▸ What to produce: Scan the records below, and wherever a line has the word "case", pull it out.
+++ Exercise data
Lemma level_measurable n J : level n J -> measurable J.
Proof. by move=> /level_tree /Tr_measurable[]. Qed.

Definition cell n x : set T := xget setT [set I | level n I /\ I x].

Lemma cellP n x : level n (cell n x) /\ cell n x x.
Proof.
have [I lI Ix] := level_cover n x.
by apply: (@xgetPex _ setT [set I | level n I /\ I x]); exists I.
Qed.

Lemma cellE n x I : level n I -> I x -> cell n x = I.
Proof. by move=> lI Ix; have [lc cx] := cellP n x; exact: level_disjoint lc lI cx Ix. Qed.

Lemma cell_refine n k J x y : (k <= n)%N -> level n J -> J x -> J y ->
  cell k x = cell k y.
Proof.
move=> kn lJ Jx Jy; have [I lI JI] := level_refine kn lJ.
by rewrite (cellE lI (JI _ Jx)) (cellE lI (JI _ Jy)).
Qed.

Lemma fine_measure_tree J : Tr J -> (fine (mu J))%:E = mu J /\ 0 < fine (mu J).
Proof.
move=> TJ; have [mJ J0] := Tr_measurable TJ.
have muJ : (fine (mu J))%:E = mu J.
  by rewrite fineK// ge0_fin_numE// (le_lt_trans (probability_le1 mu mJ)) ?ltey.
by split; rewrite // -lte_fin muJ.
Qed.

Variables (phi : T -> R) (q f : R).
Hypothesis q01 : 0 < q < 1.
Hypothesis f_gt0 : 0 < f.
Hypothesis phi_ge0 : forall x, 0 <= phi x.
Hypothesis phi_measurable : measurable_fun setT phi.
Hypothesis phi_integrable : mu.-integrable setT (EFin \o phi).
Hypothesis phi_integral : (\int[mu]_x (phi x)%:E = f%:E)%E.

Let q_gt0 : 0 < q. Proof. by case/andP: q01. Qed.
Let q1_gt0 : 0 < 1 - q. Proof. by rewrite subr_gt0; case/andP: q01. Qed.

Definition avg (I : set T) : R :=
  fine (\int[mu]_(y in I) (phi y)%:E) / fine (mu I).

Lemma integral_avg I : Tr I ->
  (\int[mu]_(y in I) (phi y)%:E)%E = (fine (mu I) * avg I)%:E.
Proof.
move=> TI; have [mI _] := Tr_measurable TI; have [_ muI0] := fine_measure_tree TI.
rewrite /avg mulrC divfK ?gt_eqF// fineK//.
by apply: integrable_fin_num => //; exact: integrableS phi_integrable.
Qed.

Lemma avg_ge0 I : Tr I -> 0 <= avg I.
Proof.
move=> TI; have [mI _] := Tr_measurable TI; have [_ muI0] := fine_measure_tree TI.
rewrite -(ler_pM2l muI0) mulr0 -lee_fin -integral_avg//.
by apply: integral_ge0 => x _; rewrite lee_fin.
Qed.

Lemma avg_setT : avg setT = f.
Proof. by rewrite /avg probability_setT divr1 phi_integral. Qed.

Lemma avg_cell0 x : avg (cell 0 x) = f.
Proof. by have [-> _] := cellP 0 x; exact: avg_setT. Qed.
++++++
▸ Exercise solution:
Let q_gt0 : 0 < q. Proof. by case/andP: q01. Qed.
Let q1_gt0 : 0 < 1 - q. Proof. by rewrite subr_gt0; case/andP: q01. Qed.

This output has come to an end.